Butterflies have a one-century grace period in Ixbiliada.

A Point of Divergence in 1081 is just this side of plausible for the survival of al-Andalus (at least in its native form, rather than as an extension of a Berber empire.) It also has some unfortunate side effects, like butterflying a number of recognizable names out of existence - St. Dominic, Averroes, the Rambam, you get the idea - and by rights this should make the world completely unrecognizable. (Which is especially serious because it means that the more important works of the Convivencia period - the Mishneh Torah, the Guide to the Perplexed, the Incoherence of the Incoherence, etc. - can't be assumed.)

My rule of thumb is, thus, that (within Iberia itself, at least) there's a 100-year grace period in which intellectually important people can still be born.
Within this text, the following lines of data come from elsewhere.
(* Let $V=\mathbb{C}^n$ be the defining representation of $GL_n(\mathbb{C})$ and $k_1,\dots,k_m\ge 0$. Let $\mu=(\mu_1,\dots,\mu_\ell)$ be a partition of $k_1+\dots+k_m$ with at most $n$ parts. Then the dimension of the space of $S_n$-invariants in the symmetrized weight space $(\mathrm{Sym}^{k_1}(V)\otimes\dots\otimes\mathrm{Sym}^{k_m}(V))_{\bar\mu}$ equals the number of multiset partitions of $\{1^{k_1},2^{k_2},\dots,m^{k_m}\}$ with parts of sizes $\mu_1,\dots,\mu_\ell$. In particular, the dimension of the space of $S_n$-invariants in $\mathrm{Sym}^{k_1}(V)\otimes\dots\otimes\mathrm{Sym}^{k_m}(V)$ equals the number of multiset partitions of $\{1^{k_1},2^{k_2},\dots,m^{k_m}\}$ with at most $n$ parts.
   Context: $S_n\subset GL_n(\mathbb{C})$ is the subgroup of permutation matrices and $T$ the diagonal torus. For a representation $W$ of $GL_n$ and a weight $\mu$ of $T$ (here $\mu$ is padded with zeros to length $n$), the symmetrized weight space $W_{\bar\mu}$ is the direct sum of the $T$-weight spaces of $W$ for all weights in the $S_n$-orbit of $\mu$; it is stable under $S_n$. A multiset partition of a multiset $M$ is a multiset of nonempty sub-multisets (parts) of $M$ whose multiplicities add up to those of $M$; the size of a part is its cardinality counted with multiplicity. $\{1^{k_1},\dots,m^{k_m}\}$ is the multiset containing $i$ with multiplicity $k_i$. *)

From HB Require Import structures.
From mathcomp Require Import all_boot all_order all_algebra all_fingroup all_field.
Set Implicit Arguments. Unset Strict Implicit. Unset Printing Implicit Defensive.
Import GRing.Theory.
Local Open Scope ring_scope.

(* Model of W = Sym^{k_1}(V) ⊗ ... ⊗ Sym^{k_m}(V), V = C^n (C = algC).
   Sym^{k}(C^n) = homogeneous polynomials of degree k in x_1..x_n, with the
   monomial basis x^a (a : exponent vector, |a| = k).  The tensor product has
   basis the m-tuples of monomials.  All of this is realized inside the
   finite-dimensional space of functions on a finite index type large enough
   to contain all these basis tuples (exponents are bounded by K = sum k). *)

Section Model.
Variables (n m : nat) (k : 'I_m -> nat).

Definition Ktot : nat := (\sum_(i < m) k i)%N.

(* exponent vectors of monomials in x_1..x_n *)
Definition Mono := {ffun 'I_n -> 'I_(Ktot.+1)}.
Definition TBasis := {ffun 'I_m -> Mono}.

Definition mdeg (a : Mono) : nat := (\sum_(j < n) (a j : nat))%N.
(* b is a basis vector x^{b 0} ⊗ ... ⊗ x^{b (m-1)} of W *)
Definition in_basis (b : TBasis) : bool := [forall i, mdeg (b i) == k i].
(* T-weight of the basis vector b: diag(t) acts by prod_j t_j^(weight b j) *)
Definition weight (b : TBasis) (j : 'I_n) : nat := (\sum_(i < m) (b i j : nat))%N.

Definition Vec := {ffun TBasis -> algC^o}.
Definition delta (b : TBasis) : Vec := [ffun b' => (b' == b)%:R].

Definition symtensor : {vspace Vec} :=
  <<[seq delta b | b <- enum TBasis & in_basis b]>>%VS.

Definition wspace (lam : 'I_n -> nat) : {vspace Vec} :=
  <<[seq delta b | b <- enum TBasis & in_basis b && [forall j, weight b j == lam j]]>>%VS.

Definition padded (mu : seq nat) (j : 'I_n) : nat := nth 0%N mu j.

(* symmetrized weight space: sum of W_lambda over lambda in the S_n-orbit of mu *)
Definition symweight (mu : seq nat) : {vspace Vec} :=
  (\sum_(s : 'S_n) wspace (fun j => padded mu (s j)))%VS.

(* Permutation matrix of s (e_j |-> e_{s j}) acting on monomials:
   x_j |-> x_{s j}, so x^a |-> x^{a o s^-1}. *)
Definition permB (s : 'S_n) (b : TBasis) : TBasis :=
  [ffun i => [ffun j => b i ((s^-1)%g j)]].

Definition actS (s : 'S_n) : 'End(Vec) :=
  linfun (fun f : Vec => [ffun b => f (permB (s^-1)%g b)] : Vec).

Definition invariants (U : {vspace Vec}) : {vspace Vec} :=
  (U :&: \bigcap_(s : 'S_n) fixedSpace (actS s))%VS.

(* A sub-multiset ("part") is given by its multiplicity function on 'I_m;
   a multiset partition is a multiset of parts, i.e. a multiplicity function
   on parts. Multiplicities are bounded by K = |M|. *)
Definition Part := {ffun 'I_m -> 'I_(Ktot.+1)}.
Definition psize (p : Part) : nat := (\sum_(i < m) (p i : nat))%N.
Definition MPart := {ffun Part -> 'I_(Ktot.+1)}.

Definition is_msetpart (c : MPart) : bool :=
  [forall p : Part, (psize p == 0)%N ==> ((c p : nat) == 0)%N] &&
  [forall i : 'I_m, (\sum_(p : Part) (c p : nat) * (p i : nat) == k i)%N].
(* Let $K\subset\mathbb E$ be a regular cone and $F$ a normal barrier for $K$. The following are equivalent: (1) $F$ has negative curvature; (2) for every $x\in\operatorname{int}K$ and $h\in\mathbb E$, $-\nabla^3F(x)[h,h]\in K^*$; (3) for every $x\in\operatorname{int}K$ and $h\in\mathbb E$ with $x+h\in\operatorname{int}K$, $\nabla^2F(x)h-(\nabla F(x+h)-\nabla F(x))\in K^*$.
   Context: $\mathbb E$ finite-dimensional real space, dual $\mathbb E^*$, pairing $\langle\cdot,\cdot\rangle$. $K$ regular: closed, convex, pointed, nonempty interior; $K^*=\{s\in\mathbb E^*:\langle s,x\rangle\ge0\ \forall x\in K\}$. A normal barrier for $K$ is a self-concordant barrier $F$ on $\operatorname{int}K$ which is logarithmically homogeneous: $F(\tau x)=F(x)-\nu\ln\tau$ for some $\nu$ and all $\tau>0$. $\nabla^3F(x)[h]$ denotes the self-adjoint operator $\mathbb E\to\mathbb E^*$ with $\langle\nabla^3F(x)[h]u,w\rangle=D^3F(x)[h,u,w]$, and $\nabla^3F(x)[h,h]\in\mathbb E^*$ is the vector $u\mapsto D^3F(x)[h,h,u]$. Definition: $F$ has negative curvature if $\nabla^3F(x)[h]\preceq0$ (i.e. $D^3F(x)[h,u,u]\le0$ for all $u\in\mathbb E$) for every $x\in\operatorname{int}K$ and every $h\in K$. *)

(* classical reals.  E = R^n, realised as functions Fin.t n -> R;
   E^* is identified with R^n through the standard inner product [dot]. *)
From Stdlib Require Import Reals.
From Stdlib Require Vectors.Fin.
Open Scope R_scope.
(* Let $n\ge 3$ and consider the $C_n$ board (a cycle graph with $n$ vertices and $n$ edges embedded in the plane, with its single bounded cell). Suppose some of its edges are marked with arrows so that no vertex is a sink or a source, and suppose no unmarked edge is markable. Then the number of unmarked (hence unmarkable) edges is even.
   Context: A board is a connected planar graph embedded in the plane together with its bounded cells. Edges may be marked with an arrow pointing in one of the two directions along the edge. A sink is a vertex all of whose incident edges are marked with arrows pointing toward it; a source is a vertex all of whose incident edges are marked with arrows pointing away from it. An unmarked edge is markable if it can be marked with an arrow in at least one direction without creating a sink or a source; an unmarked edge that is not markable is called unmarkable. *)

(* The C_n board: vertices 'I_n, edges 'I_n; edge e joins
   vertex e and vertex ordS e (= e+1 mod n). *)
From mathcomp Require Import all_boot.
Set Implicit Arguments. Unset Strict Implicit. Unset Printing Implicit Defensive.

(* A marking: None = unmarked; Some true = arrow from e to e+1;
   Some false = arrow from e+1 to e. *)
Definition marking (n : nat) := 'I_n -> option bool.

Definition incident n (e v : 'I_n) : bool := (e == v) || (ordS e == v).

Definition points_to n (m : marking n) (e v : 'I_n) : bool :=
  match m e with
  | Some true => ordS e == v
  | Some false => e == v
  | None => false
  end.

Definition points_from n (m : marking n) (e v : 'I_n) : bool :=
  match m e with
  | Some true => e == v
  | Some false => ordS e == v
  | None => false
  end.

Definition is_sink n (m : marking n) (v : 'I_n) : Prop :=
  forall e, incident e v -> points_to m e v.

Definition is_source n (m : marking n) (v : 'I_n) : Prop :=
  forall e, incident e v -> points_from m e v.

Definition no_sink_source n (m : marking n) : Prop :=
  forall v, ~ is_sink m v /\ ~ is_source m v.

Definition mark_edge n (m : marking n) (e : 'I_n) (d : bool) : marking n :=
  fun e' => if e' == e then Some d else m e'.

Definition markable n (m : marking n) (e : 'I_n) : Prop :=
  m e = None /\ exists d : bool, no_sink_source (mark_edge m e d).

(** Around the cycle, no sink and no source means that any two consecutive
    marked edges point the same way; an unmarked edge is unmarkable exactly
    when its two neighbours are marked and point towards it from both sides
    or away from it on both sides. Give every edge the direction of its own
    arrow, or of its successor's arrow when it is unmarked: this cyclic
    boolean sequence changes value exactly in front of the unmarked edges,
    and a cyclic sequence changes value an even number of times. *)

From mathcomp Require Import all_boot.

Set Implicit Arguments.
Unset Strict Implicit.
Unset Printing Implicit Defensive.

Lemma even_card_neq_ordS n (b : 'I_n -> bool) :
  ~~ odd #|[pred e | b e != b (ordS e)]|.
Proof.
(* Modulo 2 the count is the xor of all [b e (+) b (ordS e)], in which each
   [b e] occurs twice. *)
rewrite -sum1_card big_mkcond /=.
rewrite (big_morph odd oddD (erefl : odd 0 = false)) /=.
under eq_bigr => e _ do
  rewrite -[if _ then _ else _]/(nat_of_bool _) oddb inE negb_eqb.
by rewrite big_split /= (reindex_inj (@ordS_inj n)) /= addbb.
Qed.

Definition opposed (a b : option bool) : bool :=
  if (a, b) is (Some x, Some y) then x != y else false.

Definition reverse_marking n (m : marking n) : marking n :=
  fun e => omap negb (m e).

Lemma is_source_reverse n (m : marking n) v :
  is_source m v <-> is_sink (reverse_marking m) v.
Proof.
have same e : points_from m e v = points_to (reverse_marking m) e v.
  by rewrite /points_from /points_to /reverse_marking; case: (m e) => [[]|].
by split=> H e /H; rewrite same.
Qed.

Section Cycle.

Variable n : nat.
Hypothesis n_gt1 : 1 < n.

Lemma ordS_neq (e : 'I_n) : ordS e != e.
Proof.
apply/eqP => /(congr1 val) /=.
have [lt_en|] := ltnP e.+1 n; first by rewrite modn_small // => /esym/n_Sn.
rewrite leq_eqVlt ltnS leqNgt ltn_ord orbF => /eqP en.
by rewrite -en modnn => e0; move: n_gt1; rewrite en -e0.
Qed.

Lemma ord_pred_neq (v : 'I_n) : ord_pred v != v.
Proof. by rewrite -{2}(ord_predK v) eq_sym ordS_neq. Qed.

Lemma is_sinkE (m : marking n) v :
  is_sink m v <-> m (ord_pred v) = Some true /\ m v = Some false.
Proof.
have inc_v : incident v v by rewrite /incident eqxx.
have inc_pv : incident (ord_pred v) v by rewrite /incident ord_predK eqxx orbT.
split=> [sink | [mpv mv] e].
  have := sink _ inc_v; have := sink _ inc_pv.
  rewrite /points_to ord_predK eqxx.
  rewrite (negbTE (ord_pred_neq v)) (negbTE (ordS_neq v)).
  by case: (m (ord_pred v)) => [[]|] //; case: (m v) => [[]|].
rewrite /incident => /orP[/eqP-> | /eqP Se].
  by rewrite /points_to mv.
have -> : e = ord_pred v by rewrite -Se ordSK.
by rewrite /points_to mpv ord_predK.
Qed.

Lemma no_sink_sourceP (m : marking n) :
  no_sink_source m <-> forall v, ~~ opposed (m (ord_pred v)) (m v).
Proof.
have sink_src v :
    is_sink m v \/ is_source m v <-> opposed (m (ord_pred v)) (m v).
  move: (is_source_reverse m v) (is_sinkE m v) (is_sinkE (reverse_marking m) v).
  rewrite /reverse_marking.
  by case: (m (ord_pred v)) => [[]|]; case: (m v) => [[]|]; rewrite /opposed /=;
    intuition congruence.
split=> H v.
  by apply/negP => /sink_src; have := H v; tauto.
by split=> S; have /negP := H v; apply; apply/sink_src; tauto.
Qed.

Lemma unmarkable_opposed (m : marking n) e :
  no_sink_source m -> m e = None -> ~ markable m e ->
  opposed (m (ord_pred e)) (m (ordS e)).
Proof.
move=> /no_sink_sourceP nss me unmarkable; apply/negPn/negP => not_opp.
apply: unmarkable; split=> //.
(* Follow a marked neighbour, if any. *)
exists (odflt (odflt true (m (ordS e))) (m (ord_pred e))).
apply/no_sink_sourceP => v; rewrite /mark_edge.
have [-> | _] := eqVneq v e.
  by rewrite (negbTE (ord_pred_neq e)); case: (m (ord_pred e)) => [[]|].
have [pv_e | _] := eqVneq (ord_pred v) e; last by rewrite nss.
have -> : v = ordS e by rewrite -pv_e ord_predK.
by move: not_opp; case: (m (ord_pred e)) => [[]|]; case: (m (ordS e)) => [[]|].
Qed.

Definition orientation (m : marking n) (e : 'I_n) : bool :=
  if m e is Some d then d else odflt false (m (ordS e)).

Lemma orientation_changes (m : marking n) e :
  no_sink_source m -> (forall e, m e = None -> ~ markable m e) ->
  (orientation m e != orientation m (ordS e)) = (m (ordS e) == None).
Proof.
move=> nss unmarkable; have /no_sink_sourceP/(_ (ordS e)) := nss.
rewrite /orientation ordSK.
case mSe: (m (ordS e)) => [[]|]; try by case: (m e) => [[]|].
have := unmarkable_opposed nss mSe (unmarkable _ mSe); rewrite ordSK.
by case: (m e) => [[]|] //; case: (m (ordS (ordS e))) => [[]|].
Qed.

End Cycle.

Theorem lemma4p2 (n : nat) (hn : 3 <= n) (m : marking n) :
  no_sink_source m ->
  (forall e : 'I_n, m e = None -> ~ markable m e) ->
  ~~ odd #|[pred e : 'I_n | m e == None]|.
Proof.
move=> nss unmarkable; have n_gt1 : 1 < n by apply: leq_trans hn.
have -> : #|[pred e | m e == None]| = #|[pred e | m (ordS e) == None]|.
  by rewrite -!sum1_card (reindex_inj (@ordS_inj n)).
have -> : #|[pred e | m (ordS e) == None]|
          = #|[pred e | orientation m e != orientation m (ordS e)]|.
  by apply: eq_card => e; rewrite !inE orientation_changes.
exact: even_card_neq_ordS.
Qed.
Everybody else has a (100-years from PoD)% chance of being butterflied away, unless there's reasons to make that chance lower sooner.

It's worth noting, though, that the changes are going to start earlier; even if Fame Equals Birth, it doesn't equal an exactly identical history. I'm going to gloss these changes because this is an alternate history, not a character study; ibn Bajjah's entire life is going to be colored by the Aragonese conquest of Zaragoza around the time he was born, but is that going to change the nature of his writing? Probably not.

Once I get out of the Middle Ages, all bets are off.